Monday, January 11, 2010

Thinking About Age Differences, Relationships, and Academics

An old column by Dan Savage got me thinking about the eroticization of power today. In this column, he wrote (as he has in many columns) about how he doesn’t think that relationships with large age differentials are necessarily bad. He endorses the “campsite rule” when it comes to younger lovers: leave younger lovers better than you found them. Make no babies, transmit no STDs, tell no lies, and break no hearts. (Not a bad set of rules for most relationships, really, although ‘make no babies’ is sometimes negotiable.)

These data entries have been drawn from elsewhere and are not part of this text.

Lemma regular_star (L : language X) : regular L -> regular (lang_star L).
Proof.
move=> /regular_enfa [A hA].
have starA w : lang_star L w <-> lang_star (elang A) w.
  by split; case=> ws [h ->]; exists ws; split=> // u /h /hA.
apply: (regular_of_enfa (A := star_enfa A)) => w; rewrite starA; split.
  by case=> [[s|]] [[t|]] [//= i f /star_epathP].
case=> ws [hws ->]; exists None, None; split=> //.
elim: ws hws => [|u ws IH] hws /=; first exact: epath_nil.
have [a0 [a' [i f p]]] := hws u (mem_head _ _).
apply: (epath_eps (A := star_enfa A) (m := Some a0)); first by rewrite /= i.
apply: (epath_cat (A := star_enfa A) (m := Some a')); first exact: (epath_map (B := star_enfa A)) p.
apply: (epath_eps (A := star_enfa A) (m := None)); first by rewrite /= f.
by apply: IH => u' hu; apply: hws; rewrite inE hu orbT.
Qed.

Definition rev_enfa (A : enfa) : enfa :=
  @ENFA X (est A) (efin A) (einit A) (fun s o t => etrans A t o s).

Lemma rev_epath (A : enfa) s t w :
  epath (A := A) t s w -> epath (A := rev_enfa A) s t (rev w).
Proof.
elim=> [|s' m w' e _ IH|s' m x w' e _ IH]; first exact: epath_nil.
  rewrite -[rev w']cats0; apply: (epath_cat IH).
  exact: (epath_eps (A := rev_enfa A) (m := s') e (epath_nil _)).
rewrite rev_cons -cats1; apply: (epath_cat IH).
exact: (epath_step (A := rev_enfa A) (m := s') e (epath_nil _)).
Qed.
(* If pi_v >= k+1 and F is a set of at most k non-monitors avoiding v, the cut
   bounds in G^* and the G_m show that in G - F the vertex v still reaches the
   monitors after deleting any single vertex; a Menger-type argument then gives
   two paths from v to distinct monitors sharing only v, i.e. a measurement
   path through v that F does not touch.  Such a v is therefore distinguished
   from every small failure set not containing it, so adding these vertices to
   a k-identifiable set keeps it k-identifiable, and maximality puts them in
   S*.  Conversely, if pi_v < k there is a small vertex cut C separating v from
   the monitors in G^*, or from all monitors but one in some G_m; every
   measurement path through v has two disjoint arms reaching distinct
   monitors, so it crosses C (minus one vertex, in the G^* case).  Hence, with F
   that set, the failure sets F and F + {v} are indistinguishable, and v lies in
   no k-identifiable set. *)

(* Linear arithmetic over multiplicities: every [count _ _] and every boolean
   cast [nat_of_bool b] (bounded by 1) in the goal is abstracted, the context is
   cleared and [lia] is called, so the relevant facts must first be pushed into
   the goal.  Uniqueness goals reach it through [uniq_countP]. *)
Ltac count_lia :=
  rewrite ?[nat_of_bool true]/1 ?[nat_of_bool false]/0;
  repeat match goal with |- context [nat_of_bool ?b] =>
    lazymatch b with true => fail | false => fail | _ =>
    let c := fresh "b" in move: (leq_b1 b); move: (nat_of_bool b) => c end end;
  repeat match goal with |- context [count ?a ?s] =>
    let c := fresh "c" in move: (count a s) => c end;
  repeat match goal with H : ?P |- _ => match type of P with Prop => clear H end end;
  lia.

Section SeqFacts.
Variable T : eqType.
Implicit Types (s : seq T) (x y : T).

Lemma count_mem_gt0 y s : y \in s -> 0 < count_mem y s.
Proof. by move=> ys; rewrite -has_count has_pred1. Qed.

Lemma uniq_countP s : uniq s <-> forall y, count_mem y s <= 1.
Proof.
split; first by move=> u y; rewrite count_uniq_mem //; case: (_ \in _).
move=> H; apply: count_mem_uniq => y; have := H y.
case: (boolP (y \in s)) => [ys|/count_memPn -> //].
have := count_mem_gt0 ys; lia.
Qed.

Lemma count_mem_disjoint s1 s2 y : all (fun z => z \notin s1) s2 ->
  count_mem y s2 = 0 \/ count_mem y s1 = 0.
Proof.
move=> H; case: (boolP (y \in s2)) => ys2; last by left; apply/count_memPn.
by right; apply/count_memPn; exact: (allP H y ys2).
Qed.

Lemma count_mem_notin x s y : x \notin s ->
  count_mem y s = 0 \/ nat_of_bool (x == y) = 0.
Proof. by case: (eqVneq x y) => [<- /count_memPn|]; [left | right]. Qed.

Lemma count_mem_neq x1 x2 y : x1 != x2 ->
  nat_of_bool (x1 == y) = 0 \/ nat_of_bool (x2 == y) = 0.
Proof. by case: (eqVneq x1 y) => [<-|]; [rewrite eq_sym => /negbTE ->; right | left]. Qed.

Lemma has_split_first (P : pred T) s : has P s ->
  exists s1 x s2, [/\ s = s1 ++ x :: s2, P x & all (predC P) s1].
Proof.
elim: s => //= y s IH; case Py: (P y) => /= H; first by exists [::], y, s.
have [s1 [x [s2 [-> Px Hs1]]]] := IH H.
by exists (y :: s1), x, s2; rewrite /= Py.
Qed.

Lemma has_split_last (P : pred T) s : has P s ->
  exists s1 x s2, [/\ s = s1 ++ x :: s2, P x & all (predC P) s2].
Proof.
elim: s => //= y s IH; case Hs: (has P s).
  by move=> _; have [s1 [x [s2 [-> Px Hs2]]]] := IH Hs; exists (y :: s1), x, s2.
by rewrite orbF => Py; exists [::], y, s; rewrite all_predC Hs.
Qed.

Lemma path_split_suffix (r : rel T) x s s1 y s2 : x :: s = s1 ++ y :: s2 ->
  path r x s -> path r y s2 /\ last x s = last y s2.
Proof.
case: s1 => [|z s1] /= [-> ->] //.
by rewrite cat_path last_cat /= => /andP[_ /andP[_ ->]].
Qed.

Lemma has_mem_last (A : pred T) x s : last x s \in A -> x \notin A -> has (mem A) s.
Proof.
move=> lA xA; apply/hasP; exists (last x s) => //.
by move: (mem_last x s); rewrite inE => /orP[/eqP E|//]; rewrite -E lA in xA.
Qed.
Theorem lemma6 (R : realType) (S : finType) (P : seq S -> S -> R) (DP : R)
  (K : nat) (theta : 'I_K -> R) (P0 : 'I_K -> R) (i0 : 'I_K)
  (pi : seq (S * S) -> S -> R) (X0 : seq S) (t : nat) :
  0 < DP -> DP < 1 / 2 ->
  (forall X, \sum_(s : S) P X s = 1) ->
  (forall X s, DP <= P X s <= 1 - DP) ->
  injective theta ->
  (forall j, 1 <= theta j) ->
  (forall j, 0 < P0 j) -> \sum_(j < K) P0 j = 1 ->
  (forall h a, 0 <= pi h a) -> (forall h, \sum_(a : S) pi h a = 1) ->
  (2 < t)%N ->
  let c0 := c0const DP theta i0 in
  let B := Bconst DP theta i0 in
  expected_sq_err t P pi X0 theta P0 i0 <=
    3 / (expR 1 * c0 ^+ 2 * t%:R) * ((1 - P0 i0) / P0 i0) *
    expR (- (c0 ^+ 2 * (Delta_theta theta i0) ^+ 2 * t%:R)
          + Num.sqrt (2 * B ^+ 2 * t%:R *
                      ln (K%:R * kappa theta i0 * t%:R ^+ 2)))
    + 1 / t%:R ^+ 2.
Proof.
(* Injectivity of [theta] is not needed: an index with [theta j = theta i0]
   contributes nothing to the error. *)
move=> DP0 DP1 P_sum1 P_range _ theta_ge1 P0_gt0 P0_sum1 pi_ge0 pi_sum1 t2; cbv zeta.
have t_pos : (0 < t)%N by case: t t2.
have K_pos : (0 < K)%N := leq_ltn_trans (leq0n i0) (ltn_ord i0).
have prior_rest : \sum_(j < K | j != i0) P0 j = 1 - P0 i0.
  by have := P0_sum1; rewrite (bigD1 i0) //=; lra.
have [Z_lt1|Z_ge1] := ltrP (K%:R * kappa theta i0 * t%:R ^+ 2) 1.
  apply: le_trans (expected_sq_err_le_inv_sqr DP0 P_sum1 P_range pi_ge0 pi_sum1
    theta_ge1 P0_gt0 t t_pos Z_lt1) _.
  have rest0 : 0 <= (1 - P0 i0) / P0 i0.
    rewrite divr_ge0 ?(ltW (P0_gt0 i0)) // -prior_rest.
    by apply: sumr_ge0 => j _; apply: ltW.
  have coef0 : 0 <= 3 / (expR 1 * c0const DP theta i0 ^+ 2 * t%:R).
    exact: divr_ge0 (ler0n _ 3) (mulr_ge0 (mulr_ge0 (expR_ge0 _) (sqr_ge0 _)) (ler0n _ _)).
  by rewrite lerDr (mulr_ge0 (mulr_ge0 coef0 rest0) (expR_ge0 _)).
rewrite expected_sq_errE (bigD1 i0) //= subrr expr0n mul0r add0r.
apply: le_trans (ler_sum _ (fun j ji => sq_gap_expected_posterior_le DP0 P_sum1 P_range
  pi_ge0 pi_sum1 theta_ge1 P0_gt0 t j DP1 t2 ji Z_ge1)) _.
have Kt0 : 0 < K%:R * t%:R ^+ 2 :> R by rewrite mulr_gt0 ?exprn_gt0 ?ltr0n.
rewrite big_split /=; apply: lerD.
  by rewrite -!mulr_suml prior_rest mulrCA mulrA lexx.
apply: le_trans (_ : _ <= \sum_(j < K) 1 / (K%:R * t%:R ^+ 2)) _.
  by rewrite [X in _ <= X](bigD1 i0) //= lerDr divr_ge0 // ltW.
rewrite sumr_const card_ord -mulr_natl le_eqVlt; apply/orP; left; apply/eqP.
by field; rewrite !pnatr_eq0 -!lt0n t_pos K_pos.
Qed.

I know a few people in relationships with partners who are more than fifteen years younger or older than they are. I know younger partners who entered these relationships when they were eighteen, when the differential wasn’t just large in terms of years, but enormous in terms of experience. I also know older partners who have chosen to date younger people and acted as mentors and guides for them, as well as lovers. The relationships I have in mind have not only been successful on their own terms, but also provided safe places for the younger partners to explore sexually and to continue maturing as adults. Some of these relationships aren’t just short term — which Savage suggests older/younger pairings always are — but long term commitments edging past years and into decades.

On feminist grounds, I think large age differentials can add a tricky extra layer of power to relationships which it can be hard for people to navigate, particularly if they aren’t used to thinking about the effects of power on intimate relationships. Younger partners, being more naive, have more at risk in these encounters. Still — it’s obvious that people can, and do, navigate the risks to create happy, safe relationships.

When it comes to accepting sexualities that are considered risky in our culture, I’m pretty radical, even for liberal feminists. But when age difference meets teacher-student relationships — well, my third-wave sex-positive wishy-washyness goes out the window, and my prudishly frowning super ego comes out to wag her finger.

It happens. I think we all hear about it. I don’t think most of us talk about it much. It’s a subject for whispers — a dirty academic secret. The TA really is making out with the student she recognized from suicide girls. The married, “monogamous” professor who hosts get-togethers at the home his wife keeps for him and his kids is slipping his own hors d’oeurves to the obnoxious boy who won’t shut up in class.

Universities round up their TAs for seminars on sexual conduct in the classroom, where they inform them about the methods for dealing with students who harrass them — and casually drop in the proper procedure for dealing with burgeoning relationships with students. “Avoid the ones in your department,” they say, “and particularly the ones in your classes.”

Or at least wait until your class is over.

But really, we all know stories about people who didn’t, don’t we?

I am aware that teacher/student romances are the subject of many an erotic fantasy, but I’m the odd one out on this kind of eroticism. On a gutteral level, I just don’t get it. Students — especially younger ones — are… bleah. They’re students. I could no more think erotic thoughts about them than I could my siblings or parents. I’ve become fairly good friends with a few of my ex-students, and even so, when they do things that I’d never blink at another young adult doing — like post pictures of themselves topless and drunk at a party — I have to suppress my gag reflex. Because ew. Students.

But my personal distaste shouldn’t be part of this conversation. Arguments from disgust are never convincing, which is why anti-choice protesters aren’t making a good logical point when they talk about how disgusting abortion looks (do they think appendectomies are gorgeous?). There have to be better reasons than “yuck” to oppose student/teacher relationships.

Don’t there?

I think it’s a good thing to discuss taboos rather than leave them hidden. I was once involved in a really interesting discussion with anthropologists about how a lot of people have relationships with their informants in the field. By making those dynamics overt, anthropologists gain the ability to discuss them, analyze them, and hopefully deal with them productively.

So, here are my questions to fellow people who are working in academia (though I know people might want to go anonymous to comment on this):

1) Policies against student/teacher relationships are a fact at most (all?) institutions. Should they be? Are the ones that exist reasonable? Are there tweaks that would make things more practical or safer for students?

2) If your students are attracted to you, how do you deal with that? If you’re attracted to your students, how do you deal with that?

3) Have you been in a relationship with a student or ex-student, a teacher or ex-teacher? From that point of view, are such relationships just like any other relationship — sometimes exploitative, sometimes fine — or are they particular minefields?

4) Are student/teacher relationships inevitable? They seem to be. Is there a way of dealing with that better than we currently do? Is there a version of the campsite rule that people involved in such relationships should follow?

5) Is it less problematic to date someone right after they get out of your class (or right after you get out of their class)? Or does that not make much difference?

6) Anyone care to attempt a good explanation for why teacher/student relationships are problematic? Obviously it’s got something to do with power, but is that sufficient? After all, heterosexual relationships involve systemic power differentials, and almost no one opposes those.

Is it just the mechanics of grading that makes these relationships untenable? Is it the nature of institutionalized authority? Is it the incest taboo, repurposed to cover a different kind of relationship? Is it just prudery? Let me know what you think.